**Activity:** Search the entries for the word "move" and report each line that has it.

**The input:**
[Start of section]

Definition zero_lann (I : A -> Prop) : Prop :=
  forall a, (forall x, I x -> a * x = 0) -> a = 0.
Definition zero_rann (I : A -> Prop) : Prop :=
  forall a, (forall x, I x -> x * a = 0) -> a = 0.

Definition dense_ideal (I : A -> Prop) : Prop :=
  [/\ is_twosided_ideal I, zero_lann I & zero_rann I].

Definition H_stable (act : H -> A -> A) (I : A -> Prop) : Prop :=
  forall h x, I x -> I (act h x).

Definition EH (act : H -> A -> A) (I : A -> Prop) : Prop :=
  dense_ideal I /\ H_stable act I.

Definition invariants (eps : H -> k) (act : H -> A -> A) (a : A) : Prop :=
  forall h, act h a = eps h *: a.

End ModuleAlgebra.

Section Quotients.
Variables (k : fieldType) (A Q : algType k) (iota : {lrmorphism A -> Q}).

Definition inA (q : Q) : Prop := exists a, iota a = q.

(* (Q, iota) is the symmetric Martindale ring of quotients of A (with respect
   to the filter of ideals with zero left and right annihilators),
   characterised up to isomorphism over A by the usual four properties. *)
Definition is_sym_ring_of_quotients : Prop :=
  [/\ injective iota,
      (forall q : Q, exists I, dense_ideal I /\
         (forall x, I x -> inA (iota x * q) /\ inA (q * iota x))),
      (forall (q : Q) I, dense_ideal I ->
         ((forall x, I x -> iota x * q = 0) \/ (forall x, I x -> q * iota x = 0))
         -> q = 0) &
      (forall I (f g : A -> A), dense_ideal I ->
         (forall x y, I x -> I y -> f (x + y) = f x + f y) ->
         (forall a x, I x -> f (a * x) = a * f x) ->
         (forall x y, I x -> I y -> g (x + y) = g x + g y) ->
         (forall a x, I x -> g (x * a) = g x * a) ->
         (forall x y, I x -> I y -> f x * y = x * g y) ->
         exists q : Q, forall x, I x -> iota x * q = iota (f x) /\
                                        q * iota x = iota (g x))].

Definition Dq (q : Q) (a : A) : Prop :=
  forall b, inA (q * iota b * iota a) /\ inA (iota a * iota b * q).

Variables (H : algType k) (act : H -> A -> A).

(* Q^H A: h.(dq) = (h.d)q and h.(qd) = q(h.d) for h in H, d in D_q
   (dq and qd lie in A for d in D_q; x denotes the element of A they equal) *)
Definition QH (q : Q) : Prop :=
  forall h d, Dq q d ->
    (forall x, iota x = iota d * q -> iota (act h x) = iota (act h d) * q) /\
    (forall x, iota x = q * iota d -> iota (act h x) = q * iota (act h d)).

Definition is_subalgebra (S : Q -> Prop) : Prop :=
  [/\ S 1, (forall p q, S p -> S q -> S (p + q)),
      (forall p q, S p -> S q -> S (p * q)) &
      (forall (c : k) q, S q -> S (c *: q))].

End Quotients.

From HB Require Import structures.
From mathcomp Require Import all_boot all_order all_algebra.
Set Implicit Arguments. Unset Strict Implicit. Unset Printing Implicit Defensive.
Import GRing.Theory.
Local Open Scope ring_scope.

(* Everything rests on the two shifting rules of a module algebra,
     (h.z) b = sum h_1.(z (S h_2).b)   and   b (h.z) = sum h_2.((S^-1 h_1).b z),
   the second being where bijectivity of the antipode is needed.  They show
   that D_q is H-stable when q is in Q^H A, and that an identity
   h.x = (h.d) q (or h.x = q (h.d)) in Q A can be tested after multiplying by
   the elements of any H-stable ideal with zero annihilators.  Choosing that
   ideal to be some D_p reduces each closure property of Q^H A to products
   e d with e in D_p, for which the terms involved lie in A. *)

Section LinearFun.
Variables (k : fieldType) (U V W : lmodType k).

Section LinearMorphism.
Variables (f : U -> V) (fL : linear f).

Lemma linear0_of : f 0 = 0.
Proof.
case/GRing.semilinear_linear: fL => fZ _.
by rewrite -[X in f X](scale0r (0 : U)) fZ /= scale0r.
Qed.
Lemma linearD_of : {morph f : x y / x + y}.
Proof. by case/GRing.semilinear_linear: fL. Qed.
Lemma linearZ_of : scalable f.
Proof. by case/GRing.semilinear_linear: fL. Qed.
Lemma linear_sum_of (I : Type) (r : seq I) (F : I -> U) :
  f (\sum_(i <- r) F i) = \sum_(i <- r) f (F i).
Proof. exact: (big_morph f linearD_of linear0_of). Qed.
End LinearMorphism.

Lemma linear_comp_fun (f : U -> V) (g : V -> W) :
  linear f -> linear g -> linear (fun x => g (f x)).
Proof. by move=> fL gL c x y; rewrite fL gL. Qed.
Lemma linear_sum_fun (I : Type) (r : seq I) (G : I -> U -> V) :
  (forall i, linear (G i)) -> linear (fun x => \sum_(i <- r) G i x).
Proof.
by move=> GL c x y; rewrite scaler_sumr -big_split; apply: eq_bigr => i _; rewrite GL.
Qed.
Lemma linear_id_fun : linear (fun x : U => x).
Proof. by []. Qed.
End LinearFun.

Section LinearMul.
Variables (k : fieldType) (B : algType k) (V : lmodType k) (f : V -> B).
Hypothesis fL : linear f.
Lemma linear_mull_fun (v : B) : linear (fun x => f x * v).
Proof. by move=> c x y; rewrite fL mulrDl scalerAl. Qed.
Lemma linear_mulr_fun (v : B) : linear (fun x => v * f x).
Proof. by move=> c x y; rewrite fL mulrDr scalerAr. Qed.
End LinearMul.

Ltac linearity_with tac := repeat first
  [ exact: linear_id_fun
  | apply: linear_sum_fun => ?
  | apply: linear_mull_fun
  | apply: linear_mulr_fun
  | tac ].
Lemma Sp_approaches_minus1 :
  Sp 0 < 1 -> forall eps, 0 < eps -> exists t, Sp t < -1 + eps.
Proof.
  intros Sp0_lt1 eps eps_pos.
  apply NNPP; intro never_close.
  apply (Sp_bounded_away_absurd eps eps_pos); [| exact Sp0_lt1].
  intro t; apply Rnot_lt_le; intro close; apply never_close; exists t; exact close.
Qed.

End BianchiVII0.

Section WainwrightHsuN1Zero.

Variables N1 N2 N3 Sp Sm : R -> R.

Hypothesis solution : WH_solution N1 N2 N3 Sp Sm.
Hypothesis constraint : WH_constraint N1 N2 N3 Sp Sm.
Hypothesis N1_zero : forall t, N1 t = 0.

Lemma WH_constraint_N1_zero t : Sp t ^ 2 + Sm t ^ 2 + 3 / 4 * (N2 t - N3 t) ^ 2 = 1.
Proof. rewrite <- (constraint t), N1_zero; ring. Qed.

Lemma WH_q_N1_zero t : WH_q (Sp t) (Sm t) = 2 - 3 / 2 * (N2 t - N3 t) ^ 2.
Proof. unfold WH_q; assert (C := WH_constraint_N1_zero t); lra. Qed.

Lemma N2_derive_N1_zero t :
  is_derive N2 t ((2 - 3 / 2 * (N2 t - N3 t) ^ 2 + 2 * Sp t + 2 * sqrt 3 * Sm t) * N2 t).
Proof. rewrite <- WH_q_N1_zero; apply solution. Qed.

Lemma N3_derive_N1_zero t :
  is_derive N3 t ((2 - 3 / 2 * (N2 t - N3 t) ^ 2 + 2 * Sp t - 2 * sqrt 3 * Sm t) * N3 t).
Proof. rewrite <- WH_q_N1_zero; apply solution. Qed.

Lemma Sp_derive_N1_zero t : is_derive Sp t (- 3 / 2 * (N2 t - N3 t) ^ 2 * (1 + Sp t)).
Proof.
  eapply eq_ind; [apply solution |].
  rewrite WH_q_N1_zero, N1_zero; unfold WH_Splus; simpl; field.
Qed.

Lemma Sm_derive_N1_zero t :
  is_derive Sm t (- 3 / 2 * (N2 t - N3 t) ^ 2 * Sm t
                  - 3 * sqrt 3 / 2 * (N2 t - N3 t) * (N2 t + N3 t)).
Proof.
  eapply eq_ind; [apply solution |].
  rewrite WH_q_N1_zero, N1_zero; unfold WH_Sminus; simpl; field.
Qed.

End WainwrightHsuN1Zero.

Theorem mainTheorem8 (N1 N2 N3 Sp Sm : R -> R) :
  WH_solution N1 N2 N3 Sp Sm ->
  WH_constraint N1 N2 N3 Sp Sm ->
  (forall t, N1 t = 0) ->
  (forall t, 0 < N2 t) ->
  (forall t, 0 < N3 t) ->
  (forall t, ~ (N2 t = N3 t /\ Sm t = 0)) ->
  is_lim Sp p_infty (-1) /\
  is_lim Sm p_infty 0 /\
  is_lim (fun t => N2 t - N3 t) p_infty 0.
Proof.
  intros solution constraint N1_zero N2_pos N3_pos not_fixed.
  assert (constraint' := WH_constraint_N1_zero N1 N2 N3 Sp Sm constraint N1_zero).
  assert (Sp_derive := Sp_derive_N1_zero N1 N2 N3 Sp Sm solution constraint N1_zero).
  assert (Sp_lim : is_lim Sp p_infty (-1)).
  { apply is_lim_of_nonincreasing.
    - exact (Sp_nonincreasing N2 N3 Sp Sm constraint' Sp_derive).
    - intro t; apply (Sp_bounds N2 N3 Sp Sm constraint').
    - apply (Sp_approaches_minus1 N2 N3 Sp Sm N2_pos N3_pos constraint');
        eauto using N2_derive_N1_zero, N3_derive_N1_zero, Sm_derive_N1_zero.
      exact (Sp_lt_1 N2 N3 Sp Sm constraint' 0 (not_fixed 0)). }
  (* By the constraint, [Sm^2 + 3/4 (N2 - N3)^2 = 1 - Sp^2 <= 2 (1 + Sp)], which tends to 0. *)
  assert (gap_lim : is_lim (fun t => 8 / 3 * (1 + Sp t)) p_infty 0).
  { replace (Finite 0) with (Rbar_mult (8 / 3) (Rbar_plus 1 (-1))) by (simpl; f_equal; ring).
    apply is_lim_scal_l, is_lim_plus'; [apply is_lim_const | exact Sp_lim]. }
  split; [exact Sp_lim | split]; apply (is_lim_0_of_sq_le _ _ gap_lim); intro t;
    assert (Sp_bnd := Sp_bounds N2 N3 Sp Sm constraint' t); specialize (constraint' t);
    assert (0 <= Sm t ^ 2) by apply pow2_ge_0;
    assert (0 <= (N2 t - N3 t) ^ 2) by apply pow2_ge_0; nra.
Qed.
(* Let $\varphi\in\mathcal{A}$ be w.h.i.s. Then, with $\pi:\mathcal{A}\to\mathcal{A}_\varphi$ the projection: every skew-symmetric $3$-derivation of $\mathcal{A}_\varphi$ is zero, so $H^3(\mathcal{A}_\varphi)=\{0\}$; the skew-symmetric $1$-derivations (resp. $2$-derivations) of $\mathcal{A}_\varphi$ are identified with $\{\pi(\vec f)\in\mathcal{A}_\varphi^3\mid\vec f\cdot\vec\nabla\varphi\in\langle\varphi\rangle\}$ (resp. $\{\pi(\vec f)\in\mathcal{A}_\varphi^3\mid\vec f\times\vec\nabla\varphi\in\langle\varphi\rangle\}$); and $H^0(\mathcal{A}_\varphi)\simeq\{\pi(f)\mid\vec\nabla f\times\vec\nabla\varphi\in\langle\varphi\rangle\}$, $H^1(\mathcal{A}_\varphi)\simeq\dfrac{\{\pi(\vec f)\mid\vec f\cdot\vec\nabla\varphi\in\langle\varphi\rangle,\ -\vec\nabla(\vec f\cdot\vec\nabla\varphi)+\mathrm{Div}(\vec f)\vec\nabla\varphi\in\langle\varphi\rangle\}}{\{\pi(\vec\nabla f\times\vec\nabla\varphi)\mid f\in\mathcal{A}\}}$, $H^2(\mathcal{A}_\varphi)\simeq\dfrac{\{\pi(\vec f)\mid\vec f\times\vec\nabla\varphi\in\langle\varphi\rangle\}}{\{\pi(-\vec\nabla(\vec f\cdot\vec\nabla\varphi)+\mathrm{Div}(\vec f)\vec\nabla\varphi)\mid\vec f\in\mathcal{A}^3,\ \vec f\cdot\vec\nabla\varphi\in\langle\varphi\rangle\}}$, where $\langle\varphi\rangle$ means the ideal (or submodule of $\mathcal{A}^3$) generated by $\varphi$.
   Context: $\mathbf{F}$ is a field of characteristic zero and $\mathcal{A}=\mathbf{F}[x,y,z]$. Elements of $\mathcal{A}^3$ are treated as vector fields: $\vec f\cdot\vec g$, $\vec f\times\vec g$ are the usual inner and cross products, $\vec\nabla f=(\partial f/\partial x,\partial f/\partial y,\partial f/\partial z)$, $\vec\nabla\times$ is the curl and $\mathrm{Div}$ the divergence. Fix positive integers $\varpi_1,\varpi_2,\varpi_3$ without common divisor $>1$ (weights of $x,y,z$). A nonzero polynomial is weight homogeneous of degree $d$ if it is an $\mathbf{F}$-linear combination of monomials $x^ay^bz^c$ with $a\varpi_1+b\varpi_2+c\varpi_3=d$. $\varphi\in\mathcal{A}$ is w.h.i.s. if it is weight homogeneous and $\mathcal{A}_{sing}:=\mathcal{A}/\langle\partial_x\varphi,\partial_y\varphi,\partial_z\varphi\rangle$ is a nonzero finite-dimensional $\mathbf{F}$-vector space. The Poisson bracket $\{\cdot,\cdot\}_\varphi$ on $\mathcal{A}$ is determined by $\{x,y\}_\varphi=\partial_z\varphi$, $\{y,z\}_\varphi=\partial_x\varphi$, $\{z,x\}_\varphi=\partial_y\varphi$; $\varphi$ is a Casimir, so it induces a Poisson bracket $\{\cdot,\cdot\}_{\mathcal{A}_\varphi}$ on $\mathcal{A}_\varphi:=\mathcal{A}/\langle\varphi\rangle$ with $\{\pi(f),\pi(g)\}_{\mathcal{A}_\varphi}=\pi(\{f,g\}_\varphi)$; for $\vec f=(f_1,f_2,f_3)$, $\pi(\vec f):=(\pi(f_1),\pi(f_2),\pi(f_3))$. For a Poisson algebra $(\mathcal{B},\{\cdot,\cdot\})$, the Poisson cochains of degree $k$ are the skew-symmetric $k$-derivations $Q:\mathcal{B}^k\to\mathcal{B}$, with coboundary $\delta Q(f_0,\dots,f_k)=\sum_i(-1)^i\{f_i,Q(f_0,\dots,\widehat{f_i},\dots,f_k)\}+\sum_{i<j}(-1)^{i+j}Q(\{f_i,f_j\},f_0,\dots,\widehat{f_i},\dots,\widehat{f_j},\dots,f_k)$; $H^k(\mathcal{A}_\varphi)$ denotes the resulting Poisson cohomology of $(\mathcal{A}_\varphi,\{\cdot,\cdot\}_{\mathcal{A}_\varphi})$. A $1$-derivation of $\mathcal{A}_\varphi$ is identified with $(Q[\pi x],Q[\pi y],Q[\pi z])$ and a $2$-derivation with $(Q[\pi y,\pi z],Q[\pi z,\pi x],Q[\pi x,\pi y])$. *)

From HB Require Import structures.
From mathcomp Require Import all_boot all_order all_algebra.
From mathcomp Require Import mpoly.
Set Implicit Arguments. Unset Strict Implicit. Unset Printing Implicit Defensive.
Import Order.TTheory GRing.Theory.
Local Open Scope ring_scope.
(* Let $H,A$ be as in the context and let $\alpha\in A$ be a non-trivial element invariant under the adjoint coaction, i.e. $\alpha_{(1)}S\alpha_{(3)}\otimes\alpha_{(2)}=1\otimes\alpha$. Then each of the following subspaces of $\ker\epsilon\subset H$ is stable under the quantum double action $h\triangleright x=h_{(1)}xSh_{(2)}$, $a\triangleright x=\langle a,x_{(1)}\rangle x_{(2)}-\langle a,x\rangle1$: \[L_\alpha=\{x\in\ker\epsilon\mid x_{(1)}\langle x_{(2)},\alpha\rangle=x\,\epsilon(\alpha)\},\] \[\widetilde{L_\alpha}=\{x\in\ker\epsilon\mid \langle x,a\alpha\rangle=\langle x,a\rangle\epsilon(\alpha)\ \forall a\in\ker\epsilon\subset A\},\] \[L_{\alpha,1}=\{x\in\ker\epsilon\mid \langle x,a\alpha\rangle=\langle x,a\rangle(\epsilon(\alpha)+1)\ \forall a\in\ker\epsilon\subset A\}.\] Moreover $L_\alpha$ is the quantum tangent space (annihilator in $\ker\epsilon\subset H$) of the bicovariant calculus obtained by quotienting $\ker\epsilon\subset A$ by $\{a\alpha-a\epsilon(\alpha)\mid a\in A\}$ (inner type-I), and $L_{\alpha,1}$ is that of the calculus obtained by quotienting $\ker\epsilon\subset A$ by $(\ker\epsilon)\cdot(\alpha-(\epsilon(\alpha)+1))$ (inner type-II).
   Context: $H,A$ are Hopf algebras over $\mathbb{C}$ with invertible antipodes, non-degenerately paired by a Hopf pairing $\langle\ ,\ \rangle$ ($\langle hg,a\rangle=\langle h,a_{(1)}\rangle\langle g,a_{(2)}\rangle$, $\langle h,ab\rangle=\langle h_{(1)},a\rangle\langle h_{(2)},b\rangle$); Sweedler notation. The quantum tangent space of a bicovariant calculus defined by a quotienting subspace $M\subseteq\ker\epsilon\subset A$ (stable under left multiplication and the coaction $v\mapsto v_{(1)}Sv_{(3)}\otimes v_{(2)}$) is $\{x\in\ker\epsilon\subset H\mid\langle x,m\rangle=0\ \forall m\in M\}$. *)

From HB Require Import structures.
From mathcomp Require Import all_boot all_order all_algebra.
From mathcomp Require Import complex.
From mathcomp Require Import Rstruct.
Set Implicit Arguments. Unset Strict Implicit. Unset Printing Implicit Defensive.
Import Order.TTheory GRing.Theory Num.Theory.
Local Open Scope ring_scope.

Definition CC : fieldType := (Rdefinitions.R)[i].

Section HopfDefs.
Variable K : fieldType.

Definition bilinear_map (V W U : lmodType K) (f : V -> W -> U) : Prop :=
  (forall c v1 v2 w, f (c *: v1 + v2) w = c *: f v1 w + f v2 w) /\
  (forall c v w1 w2, f v (c *: w1 + w2) = c *: f v w1 + f v w2).

Definition trilinear_map (V W X U : lmodType K) (f : V -> W -> X -> U) : Prop :=
  (forall c v1 v2 w x, f (c *: v1 + v2) w x = c *: f v1 w x + f v2 w x) /\
  (forall c v w1 w2 x, f v (c *: w1 + w2) x = c *: f v w1 x + f v w2 x) /\
  (forall c v w x1 x2, f v w (c *: x1 + x2) = c *: f v w x1 + f v w x2).
Lemma mdirderiv1 : mdirderiv 1 = 0.
Proof. exact: mdirderivC. Qed.

Lemma mdirderiv_sum k (P : 'I_k -> {mpoly C[N]}) :
  mdirderiv (\sum_(j < k) P j) = \sum_(j < k) mdirderiv (P j).
Proof. exact: (big_morph _ mdirderivD mdirderiv0). Qed.

Lemma mdirderivX j : mdirderiv 'X_j = v j.
Proof.
rewrite /mdirderiv (bigD1 j) //= big1 ?addr0 => [|k /negbTE hk];
  by rewrite meval_mderivX ?eqxx ?mul1r // eq_sym hk mul0r.
Qed.

Section ChainRule.
Variables (k : nat) (Q : k.-tuple {mpoly C[N]}).

Let chain_rule_holds (P : {mpoly C[k]}) :=
  mdirderiv (P \mPo Q) =
  \sum_(j < k) (mderiv j P).@[fun a => (tnth Q a).@[p]] * mdirderiv (tnth Q j).

Let chain_ruleD P1 P2 :
  chain_rule_holds P1 -> chain_rule_holds P2 -> chain_rule_holds (P1 + P2).
Proof.
move=> h1 h2; rewrite /chain_rule_holds comp_mpolyD mdirderivD h1 h2 -big_split.
by apply: eq_bigr => j _; rewrite mderivD mevalD mulrDl.
Qed.

Let chain_ruleM P1 P2 :
  chain_rule_holds P1 -> chain_rule_holds P2 -> chain_rule_holds (P1 * P2).
Proof.
move=> h1 h2; rewrite /chain_rule_holds rmorphM mdirderivM h1 h2 !comp_mpoly_meval.
rewrite mulr_suml mulr_sumr -big_split; apply: eq_bigr => j _.
by rewrite mderivM mevalD !mevalM /=; ring.
Qed.

Let chain_ruleC c : chain_rule_holds c%:MP.
Proof.
rewrite /chain_rule_holds comp_mpolyC mdirderivC big1 // => j _.
by rewrite mderivC meval0 mul0r.
Qed.

Let chain_ruleX i : chain_rule_holds 'X_i.
Proof.
rewrite /chain_rule_holds comp_mpolyXU -tnth_nth (bigD1 i) //= big1 ?addr0
  => [|j /negbTE hj]; by rewrite meval_mderivX ?eqxx ?mul1r // eq_sym hj mul0r.
Qed.

Let chain_rule_monomial m : chain_rule_holds 'X_[m].
Proof.
rewrite mpolyXE_id; apply: (big_ind chain_rule_holds) => // [|i _].
  exact: (chain_ruleC 1).
elim: (m i) => [|e IHe]; first by rewrite expr0; exact: (chain_ruleC 1).
by rewrite exprS; apply: chain_ruleM.
Qed.

Lemma mdirderiv_comp P :
  mdirderiv (P \mPo Q) =
  \sum_(j < k) (mderiv j P).@[fun a => (tnth Q a).@[p]] * mdirderiv (tnth Q j).
Proof.
elim/mpolyind: P => [|c m P _ _ IHP].
  by rewrite comp_mpoly0 mdirderiv0 big1 // => j _; rewrite mderiv0 meval0 mul0r.
rewrite -/(chain_rule_holds _); apply: chain_ruleD => //.
rewrite /chain_rule_holds comp_mpolyZ mdirderivZ chain_rule_monomial mulr_sumr.
by apply: eq_bigr => j _; rewrite mderivZ mevalZ mulrA.
Qed.

End ChainRule.
End DirectionalDerivative.

Lemma mdirderiv_delta (C : comNzRingType) N (p : 'I_N -> C) i P :
  mdirderiv p (fun j => (j == i)%:R) P = (mderiv i P).@[p].
Proof.
rewrite /mdirderiv (bigD1 i) //= eqxx mulr1 big1 ?addr0 // => j /negbTE ->.
exact: mulr0.
Qed.

Lemma widen_ord_lift m (j : 'I_m) : widen_ord (leqnSn m) j = lift ord_max j.
Proof. exact/val_inj/esym/lift_max. Qed.

Section WaveFrontPoint.
Variables (R : realType) (n : nat) (F : {mpoly R[n]}).
Local Notation C := (complex R).
Variables (x : 'I_n.+1 -> C) (t : C) (z : 'I_n -> C) (u : C).

Definition ambient_pt : 'I_(Ndim n) -> C := fun i =>
  match @split n.+2 n.+1 i with
  | inl a => xt_pt x t a
  | inr b => if unlift ord_max b is Some k then z k else u
  end.

Local Notation p := ambient_pt.

Lemma ambient_pt_x j : p (xidx j) = x j.
Proof. by rewrite /p /xidx (unsplitK (inl _)) /xt_pt widen_ord_lift liftK. Qed.

Lemma ambient_pt_t : p (tidx n) = t.
Proof. by rewrite /p /tidx (unsplitK (inl _)) /xt_pt unlift_none. Qed.

Lemma ambient_pt_z j : p (zidx j) = z j.
Proof. by rewrite /p /zidx (unsplitK (inr _)) widen_ord_lift liftK. Qed.

Lemma ambient_pt_u : p (uidx n) = u.
Proof. by rewrite /p /uidx (unsplitK (inr _)) unlift_none. Qed.

Lemma proj_ambient_pt : proj p = xt_pt x t.
Proof. by apply: boolp.funext => i; rewrite /proj /p (unsplitK (inl _)). Qed.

[End of section]

**Answer box:**
Proof. by move=> fL gL c x y; rewrite fL gL. Qed.
by move=> GL c x y; rewrite scaler_sumr -big_split; apply: eq_bigr => i _; rewrite GL.
Proof. by move=> c x y; rewrite fL mulrDl scalerAl. Qed.
Proof. by move=> c x y; rewrite fL mulrDr scalerAr. Qed.
move=> h1 h2; rewrite /chain_rule_holds comp_mpolyD mdirderivD h1 h2 -big_split.
move=> h1 h2; rewrite /chain_rule_holds rmorphM mdirderivM h1 h2 !comp_mpoly_meval.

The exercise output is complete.